17.09.2014 20:55:08

Crude Oil Rallies After Fed Decision, But Still Ends Lower

(RTTNews) - U.S. crude oil rallied late in the session but still ended lower on Wednesday, after a weekly official oil report from the U.S. Energy Information Administration showed crude stockpiles in the U.S. to have increased much more than expected. Nevertheless, crude oil prices pulled back sharply after the Federal Reserve policy decision was announced, even as the dollar trended higher.

Earlier today, a report from the U.S. Energy Information Administration showed U.S. crude oil inventories to have risen 3.7 million barrels in the week ended September 12, while analysts anticipated a decline of 0.4 million barrels. The EIA report showed U.S. crude oil inventories at 362.3 million barrels, end last week.

Gasoline stocks dropped by 1.6 million barrels last week, with analysts anticipating a decline of 0.3 million barrels. Inventories of distillate, including heating fuel, rose 0.3 million barrels last week, with analysts expects stocks to remain unchanged.

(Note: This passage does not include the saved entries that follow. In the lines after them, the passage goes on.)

Lemma near_exit_opposite : 0 < s * det3 p ae be ->
  exists q, [/\ ~ D q, segment q p `<=` ~` (A `|` B `|` C) & wind q ab ad bd != 0].
Proof.
move=> sc.
have Dir_exit t : 0 < t <= 1 -> halfplane s be p (comb t p ae).
  case/andP=> t0 _; rewrite /halfplane /= det3_comb_p_ae mulrCA mulr_gt0 //.
  by rewrite -(det3_cycle p ae be).
have [t [e [t0 e0 Wq Dirq [Dq segq w1]]]] :=
  exists_perturb (@open_halfplane _ s ae be) sc (@open_halfplane _ s be p) Dir_exit.
exists (perturb t e); split => //; have [Aq Bq] := segment_avoid_l segq.
rewrite /halfplane /= in Wq Dirq.
apply: wind_ABD => //.
- by move/det3_segment => h0; move: Wq; rewrite h0 mulr0 ltxx.
- by move/det3_segment => h0; move: Dirq; rewrite h0 mulr0 ltxx.
- left; apply: wind_mixed.
  have /wind_signP[_ _] : wind (perturb t e) ae ad p != 0 by rewrite w1 oppr_eq0; case: s1 => ->.
  rewrite w1 (det3_swap _ p ae) (det3_swap _ be p).
  by case: s1 Dirq => -> Dirq sq; nra.
Qed.

Lemma near_exit_same_side : s * det3 p ae be < 0 -> 0 < s * det3 p ae bd ->
  exists q, [/\ ~ D q, segment q p `<=` ~` (A `|` B `|` C) & wind q ab ad bd != 0].
Proof.
move=> sc se.
have Wp : (halfplane (- s) ae be `&` halfplane (- s) bd be) p.
  by split; rewrite /halfplane /= mulNr oppr_gt0 // det3_swap mulrN oppr_lt0.
have Dir_exit t : 0 < t <= 1 -> (halfplane (- s) be p `&` halfplane (- s) p bd) (comb t p ae).
  case/andP=> t0 _; split; rewrite /halfplane /=.
    by rewrite det3_comb_p_ae mulrCA mulr_gt0 // -(det3_cycle p ae be) mulNr oppr_gt0.
  rewrite (_ : - s * det3 (comb t p ae) p bd = t * (s * det3 p ae bd)); first exact: mulr_gt0.
  by rewrite det3_combl /det3; ring.
have [t [e [t0 e0 [Wq1 Wq2] [Dirq1 Dirq2] [Dq segq w1]]]] :=
  exists_perturb (openI (@open_halfplane _ (- s) ae be) (@open_halfplane _ (- s) bd be)) Wp
    (openI (@open_halfplane _ (- s) be p) (@open_halfplane _ (- s) p bd)) Dir_exit.
exists (perturb t e); split => //; have [Aq Bq] := segment_avoid_l segq.
rewrite /halfplane /= in Wq1 Wq2 Dirq1 Dirq2.
have s1' : - s = 1 \/ - s = -1 by case: s1 => ->; [right | left; rewrite opprK].
apply: wind_ABD => //.
- by move/det3_segment => h0; move: Wq1; rewrite h0 mulr0 ltxx.
- by move/det3_segment => h0; move: Dirq1; rewrite h0 mulr0 ltxx.
- right; split; last exact: wind_all.
  have /wind_signP[_ _] : wind (perturb t e) ae ad p != 0 by rewrite w1 oppr_eq0; case: s1 => ->.
  rewrite w1 => ae_p; apply: wind_all => //.
  + by rewrite det3_swap mulrN -mulNr.
  + by rewrite det3_swap mulrN -mulNr.
  + by rewrite det3_swap mulrN -mulNr.
Qed.

End NearExit.

Section NearMeet.
Variable R : realType.
Implicit Types (s t : R) (p q r : plane R) (A B C D E : set (plane R)).

Lemma exists_inside_near_meet A B C D E ab ad bd ae be p0 s :
  pconvex A -> pconvex B -> pconvex D -> pconvex E ->
  closed A -> closed B -> closed C -> closed D ->
  (A `&` B) ab -> (A `&` D) ad -> (B `&` D) bd -> (A `&` E) ae -> (B `&` E) be -> (D `&` E) p0 ->
  D `&` A `&` E = set0 -> B `&` D `&` E = set0 -> C `&` D `&` E = set0 -> A `&` B `&` E = set0 ->
  s = 1 \/ s = -1 -> oriented A B E s -> oriented B D E s -> oriented D A E s ->
  exists p q, [/\ (D `&` E) p, ~ D q, segment q p `<=` ~` (A `|` B `|` C)
    & wind q ab ad bd != 0].
Proof.
move=> cA cB cD cE clA clB clC clD ABab ADad BDbd [Aae Eae] [Bbe Ebe] [Dp0 Ep0].
move=> /meet3_emptyP DAE /meet3_emptyP BDE /meet3_emptyP CDE /meet3_emptyP ABE s1 oABE oBDE oDAE.
have DAad : (D `&` A) ad by rewrite setIC.
have near_exit p : (D `&` E) p -> (forall t, 0 < t <= 1 -> ~ D (comb t p ae)) ->
    [\/ det3 p ae be = 0, 0 < s * det3 p ae be | s * det3 p ae be < 0 /\ 0 < s * det3 p ae bd] ->
    exists p q, [/\ (D `&` E) p, ~ D q, segment q p `<=` ~` (A `|` B `|` C)
      & wind q ab ad bd != 0].
  move=> [Dp Ep] exit cases.
  have Ap : ~ A p by move=> h; exact: DAE Dp h Ep.
  have Bp : ~ B p by move=> h; exact: BDE h Dp Ep.
  have Cp : ~ C p by move=> h; exact: CDE h Dp Ep.
  have o1 := oDAE ae p ad (And3 (conj Aae Eae) (conj Dp Ep) DAad).
  have o2 := oBDE p be bd (And3 (conj Dp Ep) (conj Bbe Ebe) BDbd).
  have o3 := oABE be ae ab (And3 (conj Bbe Ebe) (conj Aae Eae) ABab).
  suff [q [Dq segq w]] : exists q,
      [/\ ~ D q, segment q p `<=` ~` (A `|` B `|` C) & wind q ab ad bd != 0].
    by exists p, q.
  case: cases => [c0 | sc | [sc se]].
  - have pbe : p != be by apply/eqP => e; apply: Bp; rewrite e.
    have aebe : ae != be by apply/eqP => e; apply: (ABE ae) => //; rewrite e.
    exact: (near_exit_collinear (ae := ae) (be := be) (s := s)).
  - exact: (near_exit_opposite (ae := ae) (be := be) (s := s)).
  - exact: (near_exit_same_side (ae := ae) (be := be) (s := s)).
have Dae : ~ D ae by move=> h; exact: DAE h Aae Eae.
have Ebd : ~ E bd by case: BDbd => Bbd Dbd h; exact: BDE Bbd Dbd h.
have [p [DEp _] exit] := exit_point clD cE Dp0 Ep0 Dae Eae.
have [c0|c0] := eqVneq (det3 p ae be) 0; first by apply: (near_exit p) => //; constructor 1.
have [sc|sc] := ltrP 0 (s * det3 p ae be); first by apply: (near_exit p) => //; constructor 2.
have {}sc : s * det3 p ae be < 0.
  by rewrite lt_neqAle sc andbT mulf_neq0 //; case: s1 => ->; rewrite ?oppr_eq0 oner_eq0.
have [se|se] := ltrP 0 (s * det3 p ae bd); first by apply: (near_exit p) => //; constructor 3.
have [[Dp Ep] [_ Dbd]] := (DEp, BDbd).
have o2 := oBDE p be bd (And3 DEp (conj Bbe Ebe) BDbd).
(* [bd] lies in the angle at [p] spanned by [ae] and [be], hence [p bd] meets [ae be] *)
have [r Dr r_seg] : exists2 r, D r & segment ae be r.
  apply: (cone_segment_meet cD cE Dp Dbd Ep Eae Ebe Ebd c0);
    by rewrite ?(det3_swap p be bd); case: s1 sc se o2 => -> sc se o2; nra.
have [p' [DEp' p'_seg] exit'] := exit_point clD cE Dr (segment_sub cE Eae Ebe r_seg) Dae Eae.
apply: (near_exit p') => //; constructor 1.
case/segmentP: p'_seg => l _ ->.
by rewrite det3_combl (det3_segment r_seg) /det3; ring.
Qed.
End NearMeet.

Section HoleyList.
Variables (R : realType) (n : nat) (F : seq (set (plane R))).
Hypothesis hF : holey (fun k : 'I_n => nth set0 F k).

Lemma holey_nth_meet i j : (i < n)%N -> (j < n)%N -> nth set0 F i `&` nth set0 F j !=set0.
Proof. by move=> ilt jlt; exact: hF.1 (Ordinal ilt) (Ordinal jlt). Qed.

Lemma holey_nth_meet3 i j k : (i < n)%N -> (j < n)%N -> (k < n)%N ->
  i != j -> j != k -> i != k -> nth set0 F i `&` nth set0 F j `&` nth set0 F k = set0.
Proof.
move=> ilt jlt klt ij jk ik.
have neq a b (alt : (a < n)%N) (blt : (b < n)%N) : a != b -> Ordinal alt <> Ordinal blt.
  by move=> ab /(congr1 val) /eqP; exact/negP.
exact: hF.2 (neq _ _ _ _ ij) (neq _ _ _ _ jk) (neq _ _ _ _ ik).
Qed.

End HoleyList.

Section Claim.
Variables (R : realType) (A B C D E : set (plane R)).
Hypotheses (cA : pconvex A) (cB : pconvex B) (cC : pconvex C) (cD : pconvex D) (cE : pconvex E).
Hypotheses (clA : closed A) (clB : closed B) (clC : closed C) (clD : closed D).
Hypothesis hF : holey (fun i : 'I_5 => nth set0 [:: A; B; C; D; E] i).

Let meet := @holey_nth_meet R 5 _ hF.
Let empty := @holey_nth_meet3 R 5 _ hF.

Lemma D_meet_E_outside p : (D `&` E) p -> ~ (A `|` B `|` C) p.
Proof.
case=> Dp Ep [[Ap|Bp]|Cp].
- exact: (meet3_emptyP (@empty 0 3 4 isT isT isT isT isT isT)%N) Ap Dp Ep.
- exact: (meet3_emptyP (@empty 1 3 4 isT isT isT isT isT isT)%N) Bp Dp Ep.
- exact: (meet3_emptyP (@empty 2 3 4 isT isT isT isT isT isT)%N) Cp Dp Ep.
Qed.

Lemma exists_wind_ABC p0 : in_conv D A B C -> in_conv E A B D -> (D `&` E) p0 ->
  exists ab ac bc p q, [/\ (A `&` B) ab, (C `&` A) ac, (B `&` C) bc, (D `&` E) p &
    segment q p `<=` ~` (A `|` B `|` C) /\ wind q ab ac bc != 0].
Proof.
move=> inD inE DEp0.
have /= [ab ABab] := (@meet 0 1 isT isT)%N; have /= [ac CAac] := (@meet 2 0 isT isT)%N.
have /= [bc BCbc] := (@meet 1 2 isT isT)%N; have /= [ad ADad] := (@meet 0 3 isT isT)%N.
have /= [bd BDbd] := (@meet 1 3 isT isT)%N; have /= [cd CDcd] := (@meet 2 3 isT isT)%N.
have /= [ae AEae] := (@meet 0 4 isT isT)%N; have /= [be BEbe] := (@meet 1 4 isT isT)%N.
have [sD sD1 [oABD oBCD oCAD]] := in_conv_oriented cD cA cB cC
  (@empty 0 1 3 isT isT isT isT isT isT)%N (@empty 1 2 3 isT isT isT isT isT isT)%N
  (@empty 2 0 3 isT isT isT isT isT isT)%N inD.
have [sE sE1 [oABE oBDE oDAE]] := in_conv_oriented cE cA cB cD
  (@empty 0 1 4 isT isT isT isT isT isT)%N (@empty 1 3 4 isT isT isT isT isT isT)%N
  (@empty 3 0 4 isT isT isT isT isT isT)%N inE.
have [p [q [DEp Dq segq wABD]]] := exists_inside_near_meet cA cB cD cE clA clB clC clD
  ABab ADad BDbd AEae BEbe DEp0 (@empty 3 0 4 isT isT isT isT isT isT)%N
  (@empty 1 3 4 isT isT isT isT isT isT)%N (@empty 2 3 4 isT isT isT isT isT isT)%N
  (@empty 0 1 4 isT isT isT isT isT isT)%N sE1 oABE oBDE oDAE.
have /= qO := segq q (segment_l q p).
exists ab, ac, bc, p, q; split => //; split => //.
apply: (wind_in_conv cA cB cC cD ABab CAac BCbc ADad BDbd CDcd _ _ _ Dq sD1 oABD oBCD oCAD wABD);
  move=> h; apply: qO; [by left; left | by left; right | by right].
Qed.

Lemma D_meet_E_sub_hollow : in_conv D A B C -> in_conv E A B D -> D `&` E `<=` hollow A B C.
Proof.
move=> inD inE p0 DEp0; split; first exact: D_meet_E_outside.
have [ab [ac [bc [p [q [[Aab Bab] [Cac Aac] [Bbc Cbc] DEp [segq wq]]]]]]] :=
  exists_wind_ABC inD inE DEp0.
set O := ~` (A `|` B `|` C); set K := connected_component O p0.
have qK : K q.
  suff : segment q p `|` (D `&` E) `<=` K by apply; left; exact: segment_l.
  apply: connected_component_max; first by right.
    by rewrite subUset; split => // r /D_meet_E_outside.
  apply: connectedU; first by exists p; split; [exact: segment_r | ].
    exact: connected_segment.
  exact: pconvex_connected (pconvexI cD cE).
have KO : K `<=` ~` (A `|` C `|` B) by rewrite setUAC; exact: connected_component_sub.
have K_inner : K `<=` inner (wind q ab ac bc) ab ac bc.
  apply: (connected_sub_inner cA cC cB Aab Aac Cac Cbc Bbc Bab (wind_unit wq)
    (@component_connected _ O p0) KO).
  by exists q; split => //; have [] := wind_signP wq.
have [M inner_M] := @inner_bounded _ (wind q ab ac bc) ab ac bc.
by exists M => r /K_inner /inner_M.
Qed.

Late Tuesday, data released by the American Petroleum Institute showed crude inventories were up by a larger than expected 3.3 million barrels in the week ended September 12.

Meanwhile, the Federal Reserve on Wednesday maintained its pledge to keep near-zero rates in place for a "considerable time" after its bond-buying stimulus program ends. The central bank reduced its monthly asset purchases to $15 billion, while indicating the program will likely end in October.

Nonetheless, policy makers refrained from offering a more specific time-line for raising interest rates. The Fed struck a cautious tone in its current assessment of the jobs situation, noting there remains significant slack in the labor market. Job growth slowed last month even as unemployment rate dipped back down to 6.1 percent.

Light Sweet Crude Oil futures for October delivery, the most actively traded contract, shed $0.46 or 0.5 percent to close at $94.42 a barrel on the New York Mercantile Exchange Wednesday.

Crude prices for October delivery scaled a high of $95.06 a barrel intraday and a low of $93.74.

On Tuesday, crude oil futures ended sharply higher after OPEC Secretary General Abdalla el-Badri said that the cartel may slash its output targets and also indicated a rebound in crude prices by the year end.

The dollar index, which tracks the U.S. unit against six major currencies, traded at 84.19 on Wednesday, up from its previous close of 84.11 late Tuesday in North American trade. The dollar scaled a high of 84.43 intraday and a low of 83.94.

The euro trended lower against the dollar at $1.2951 on Wednesday, as compared to its previous close of $1.2960 late Tuesday in North American trade. The euro scaled a high of $1.2981 intraday and a low of $1.2898.

In economic news from the U.S., consumer prices unexpectedly declined in August, for the first time since May 2013, data released by the Labor Department showed.

The consumer price index dropped by a seasonally adjusted 0.2 percent in August after inching up by 0.1 percent in July. Excluding food and energy prices, the core consumer price index was unchanged in August after ticking up by 0.1 percent in each of the two previous months. Economists had expected core prices to edge up by 0.2 percent.

A National Association of Home Builders report on Wednesday showed U.S. homebuilder confidence in September jumped to its highest level in almost nine years, with a firming job market helping to unleash pent-up demand for new homes.

The report said the NAHB/Wells Fargo Housing Market Index jumped to a reading of 59 in September from 55 in August, while economists had expected the index to inch up to 56. The jump lifted the index to its highest level since hitting 61 in November of 2005.

Meanwhile, a report from the Commerce Department showed U.S. current account deficit to have shrunk 3.8 percent to $98.5 billion in the second quarter, from a revised $102.2 billion in the previous quarter. Economists expected a current account deficit of $114 billion for the quarter.

Elsewhere, China is pumping in about $81 billion or CNY 500 billion as stimulus into five of its largest lenders to boost liquidity amid slowing growth for a period of three months, media reports said Wednesday.

The People's Bank of China will provide CNY 100 billion each to the five state-owned banks through its standard lending facility. Analysts reportedly equated the latest move to a half-percentage point cut in the reserve ratio. The five largest banks include Industrial & Commercial Bank of China, Agricultural Bank of China, China Construction Bank, Bank of China and Bank of Communications Co.